Among the drowning, Akiva saw one particular man he recognized. The man went under. The crash came. The ship vanished.
The Reunion on Land
Days later, or weeks — the exempla is not precise — Rabbi Akiva met the same man walking on land, dry and alive. He stopped him.
"How are you here? I saw you drown."
The man explained. After the ship had gone down, he had been pulled under. He remembered nothing of how he reached shore — only that he had woken on a beach, the waves having set him down gently instead of swallowing him.
The Loaf That Paid for His Life
Rabbi Akiva pressed him. "What had you done? Why were you saved?"
The man thought. And he told the Sage a small memory — almost too small to mention. A few days before the voyage, a poor man had come to him begging. He had given the poor man his own loaf of bread — the loaf he had packed for his own meal, the only food he had with him at the time.
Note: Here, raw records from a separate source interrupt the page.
Lemma gpack_comp a b X Y Z (g : ghom (g:=C) a Y Z) (f : ghom (g:=C) b X Y) :
  gpack (gcomp g f) = gmcomp (gpack g) (gpack f).
Proof.
rewrite /gmcomp; case: excluded_middle_informative => [e|]; last by case.
by rewrite (proof_irrelevance _ e erefl).
Qed.

Lemma gpack_inj a X Y (f g : ghom (g:=C) a X Y) : gpack f = gpack g -> f = g.
Proof. exact: inj_pair2. Qed.

Lemma gpack_cast a b X Y (e : a = b) (f : ghom (g:=C) a X Y) : gpack (gcast e f) = gpack f.
Proof. by case: b / e. Qed.

Lemma gsrc_mcomp (g f : gmor) : gsrc (gmcomp g f) = gsrc f.
Proof. by rewrite /gmcomp; case: excluded_middle_informative. Qed.

Lemma gtgt_mcomp (g f : gmor) : gtgt f = gsrc g -> gtgt (gmcomp g f) = gtgt g.
Proof. by rewrite /gmcomp; case: excluded_middle_informative. Qed.

Lemma gcast_linear a b X Y (e : a = b) (k : R) (f g : ghom (g:=C) a X Y) :
  gcast e (k *: f + g) = k *: gcast e f + gcast e g.
Proof. by case: b / e. Qed.

Hypothesis HC : is_gcat C.

Lemma gmcompA (f g h : gmor) : gtgt f = gsrc g -> gtgt g = gsrc h ->
  gmcomp h (gmcomp g f) = gmcomp (gmcomp h g) f.
Proof.
case: f => [[[X Y] a] f]; case: g => [[[Y' Z] b] g]; case: h => [[[Z' W] c] h].
rewrite /gtgt /gsrc /= => eY eZ; subst.
by rewrite -!gpack_comp; case: HC => _ _ -> _ _; rewrite gpack_cast.
Qed.

Lemma gmcomp_idl Y (f : gmor) : gtgt f = Y -> gmcomp (gpack (gid Y)) f = f.
Proof.
move=> <-; case: f => [[[X Y'] a] f].
rewrite /gtgt /= -gpack_comp.
case: HC => _ _ _ U _; rewrite -[in RHS](U _ _ _ f).
exact: esym (gpack_cast _ _).
Qed.

Lemma gmcomp_idr X (f : gmor) : gsrc f = X -> gmcomp f (gpack (gid X)) = f.
Proof.
move=> <-; case: f => [[[X' Y] a] f].
rewrite /gsrc /= -gpack_comp.
case: HC => _ _ _ _ U; rewrite -[in RHS](U _ _ _ f).
exact: esym (gpack_cast _ _).
Qed.
(* Let $l_{\max}\ge 1$ be an integer, let $C_1,\dots,C_{l_{\max}}\in\mathbb{R}$, and let $N_0\in\mathbb{N}$. For each integer $N\ge N_0$ let $E^N_1,\dots,E^N_N$ be a symmetric sequence of events (on some probability space depending on $N$) whose correlation coefficients $C^{(N)}_k$, $1\le k\le N$, satisfy $C^{(N)}_k=C_k$ for $1\le k\le l_{\max}$ and $C^{(N)}_k=0$ for $l_{\max}<k\le N$ (i.e. for every $N\ge N_0$ the sequence is correlated up to order $l_{\max}$ with the same correlation coefficients $C_1,\dots,C_{l_{\max}}$). Let $p_N$ denote the count probability of $E^N_1,\dots,E^N_N$. Then for every $s\in\mathbb{N}_0$ the limit $p_\infty(s):=\lim_{N\to\infty}p_N(s)$ exists, and the characteristic function of $p_\infty$ is $$\chi(u)=\sum_{s=0}^\infty e^{ius}p_\infty(s)=\exp\Big[\sum_{l=1}^{l_{\max}}\sum_{t=0}^{l}(-1)^{l-t}\frac{C_l}{l!}\binom{l}{t}e^{itu}\Big],\qquad u\in\mathbb{R}.$$
   Context: For an event $E$ on a probability space $(\Omega,\Sigma,P)$, $\mathbbm{1}_E$ denotes its indicator function. A finite sequence of events $E_1,\dots,E_N$ on a common probability space is called symmetric if for all $r_1,\dots,r_N\in\{0,1\}$ and all permutations $\sigma$ of $\{1,\dots,N\}$, $P(\mathbbm{1}_{E_1}=r_1,\dots,\mathbbm{1}_{E_N}=r_N)=P(\mathbbm{1}_{E_1}=r_{\sigma(1)},\dots,\mathbbm{1}_{E_N}=r_{\sigma(N)})$. For $1\le k\le N$ the probability function of order $k$ is $P_k(r_1,\dots,r_k):=\sum_{r_{k+1},\dots,r_N\in\{0,1\}}P(\mathbbm{1}_{E_1}=r_1,\dots,\mathbbm{1}_{E_N}=r_N)$. The correlation functions $G_k:\{0,1\}^k\to\mathbb{R}$ are defined by $G_1:=P_1$ and, recursively for $1<k\le N$, $$G_k(r_1,\dots,r_k):=P_k(r_1,\dots,r_k)-\sum_{\sigma}\sum_{l=1}^{k-1}\frac{1}{(l-1)!\,(k-l)!}G_l(r_1,r_{\sigma(2)},\dots,r_{\sigma(l)})\,P_{k-l}(r_{\sigma(l+1)},\dots,r_{\sigma(k)}),$$ where $\sigma$ runs over all permutations of $\{2,\dots,k\}$. The correlation coefficient of order $k$ is $C_k:=N^kG_k(1,\dots,1)$. The count probability is $p_N(s):=\mathbb{E}\big[\delta(s-\sum_{l=1}^N\mathbbm{1}_{E_l})\big]$ for $s\in\mathbb{N}_0$, where $\delta(0)=1$ and $\delta(k)=0$ for $k\neq0$; i.e. $p_N(s)$ is the probability that exactly $s$ of the events occur. *)

From Stdlib Require Import Reals List Permutation Arith.
Import ListNotations.
Open Scope R_scope.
That loaf, Rabbi Akiva declared, was what the sea returned. The man had fulfilled the teaching of Ecclesiastes 11:1 — "Cast your bread upon the waters, for you shall find it after many days." The verse became literal. The bread given to the hungry man on land had come back as the buoyancy that lifted this man onto shore.
The Gaster exempla, drawn from Kohelet Rabbah 11:1 and Codex Gaster 184, preserves this story as rabbinic physics. Charity, the Sages insist, is not a sentimental accounting. It is a material exchange. The waves of the sea are listening to what we did with our loaves.